No. In addition to the reasons given previously: - using DTD for attribute defaulting in an environment where Relax-NG means people will validate the instance, find it fine but the using a parser in non-validating mode the attribute will be missing. This is a bug inducing behaviour, and a bad practice, it increases the gap between how validating and non-validating parsers will process a document. - xmllint and libxml2 in general default to not loading the external subset, it is a *good* thing, I stand by it and prefer a small deviation in front of a non-sensical use of DTD and RNG than change this by default. There is still a way to do the opposite. - libxml2 is designed as an editing toolkit, it won't modify the document when processing it by default, this opposes SAX and many other tools who just didn't care about this case, sorry libxml2 won't do this. -- nodtdattr is the default it's the rule of least surprize, and the best way to preserve the data. - people have been using libxml2/xmllint for years to validate with Relax-NG without loading the DTD, I don't want to break this for obscure and misleading reasons. If you want to argue that libxml2 is not RelaxNG compliant, fine, use something else, lobby for people to use something else if you feel so but I stand where I am, I do feel it's the best for a large majority of my users. Daniel
I still don't understand why you don't want to document xmllint properly.

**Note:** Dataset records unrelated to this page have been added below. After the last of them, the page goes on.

(* Let $D$ be a reduced knot diagram, let $2\le k<\infty$, and fix a version of the $k$-color region select game on $D$ and a checkerboard shading of $D$. Let $r_1$ be a shaded region and $r_2$ an unshaded region. (i) If $k=2^t$ for some integer $t\ge1$, then every color configuration has a unique solving pattern in which $r_1$ and $r_2$ are not pushed. (ii) If $k$ is not a power of $2$, let $p$ be the smallest odd prime factor of $k$. If $d(r_1,r_2)<p$, then every color configuration has a unique solving pattern in which $r_1$ and $r_2$ are not pushed.
   Context: Diagrams: a link (knot) diagram $D$ is the underlying graph of a regular projection of a link (knot) into $S^2$. Its vertices are the crossings, each of valence 4, and over/under information is ignored. Components without crossings are closed loops, each regarded as one edge with no vertices. Regions of $D$ are the connected components of $S^2\setminus D$. A vertex or edge is incident to a region if it lies in the boundary of that region. Two regions are adjacent if they are incident to a common edge. A vertex $v$ is reducible if some circle in $S^2$ meets $D$ transversely only at $v$, and irreducible otherwise. An irreducible vertex is incident to four distinct regions. A reducible vertex $v$ is incident to exactly three regions $r_0,r_1,r_2$, where $r_0$ touches $v$ from two sides and $r_1,r_2$ touch it from one side. A knot diagram with $n$ vertices has $n+2$ regions. A knot diagram is reduced if all its vertices are irreducible. Ring: for an integer $k\ge2$ let $\mathbb{Z}_k=\mathbb{Z}/k\mathbb{Z}$, and for $k=\infty$ let $\mathbb{Z}_\infty=\mathbb{Z}$. Game versions: a version of the $k$-color region select game on $D$ is a choice of an increment number $a(v,r)\in\mathbb{Z}_k$ for every incident vertex–region pair, subject to the following rules. - If $k<\infty$ and $v$ is irreducible, then $a(v,r)=a_v$ is the same for all regions $r$ incident to $v$, and $a_v$ is not a zero divisor of $\mathbb{Z}_k$. - If $k<\infty$ and $v$ is reducible, then $a(v,r_0)$ is arbitrary, while $a(v,r_1)$ and $a(v,r_2)$ are not zero divisors. - If $k=\infty$, then $a(v,r)=1$, except that $a(v,r_0)\in\mathbb{Z}$ is arbitrary when $v$ is reducible. - The original game is the version in which all increment numbers equal $1$. Game matrix: enumerate the vertices as $v_1,\dots,v_n$ and the regions as $r_1,\dots,r_m$. The game matrix is the $n\times m$ matrix $M$ over $\mathbb{Z}_k$ with $M_{ij}=a(v_i,r_j)$ if $v_i$ is incident to $r_j$, and $M_{ij}=0$ otherwise. Patterns and configurations: a push pattern is a vector $\mathbf p\in\mathbb{Z}_k^m$, and $\mathbf p(r_j)=p_j$ is the number of times $r_j$ is pushed. A region $r$ is not pushed in $\mathbf p$ if $\mathbf p(r)=0$. A color configuration is a vector $\mathbf c\in\mathbb{Z}_k^n$. Applying $\mathbf p$ to $\mathbf c$ yields $\mathbf c+M\mathbf p$. The configuration $\mathbf c$ is solvable if some $\mathbf p$ satisfies $M\mathbf p=-\mathbf c$; such a $\mathbf p$ is a solving pattern for $\mathbf c$. $D$ is always solvable in the version if every $\mathbf c\in\mathbb{Z}_k^n$ is solvable. A null pattern is an element of $Ker_k(M)=\{\mathbf p\in\mathbb{Z}_k^m: M\mathbf p=0\}$. Checkerboard shading: a checkerboard shading of $D$ is a shading of some of its regions such that, of any two adjacent regions, exactly one is shaded. Distance: the dual graph of $D$ has one vertex per region, with an edge between the vertices of each pair of adjacent regions. The distance $d(r_1,r_2)$ is the graph distance between the corresponding vertices of the dual graph. *)

From HB Require Import structures.
From mathcomp Require Import all_boot all_order all_algebra.
Set Implicit Arguments.
Unset Strict Implicit.
Unset Printing Implicit Defensive.
Import GRing.Theory.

Well if it's just about changing the docs, fine, just suggest a patch on the mailing-list or here. But there is no --nodtdattr option, and I don't plan to change --relaxng and add it as you suggested in comment #3 I.e. changing the behaviour which is the bugzilla is WONTFIX, clarifying docs is fine (but probably too verbose for --help , more for the man page) Daniel
As I've said, in the xmllint man page, after --relaxng SCHEMA Use RelaxNG file named SCHEMA for validation. you could add: In order to conform to the RELAX NG specification, the user may need to use the --dtdattr option too.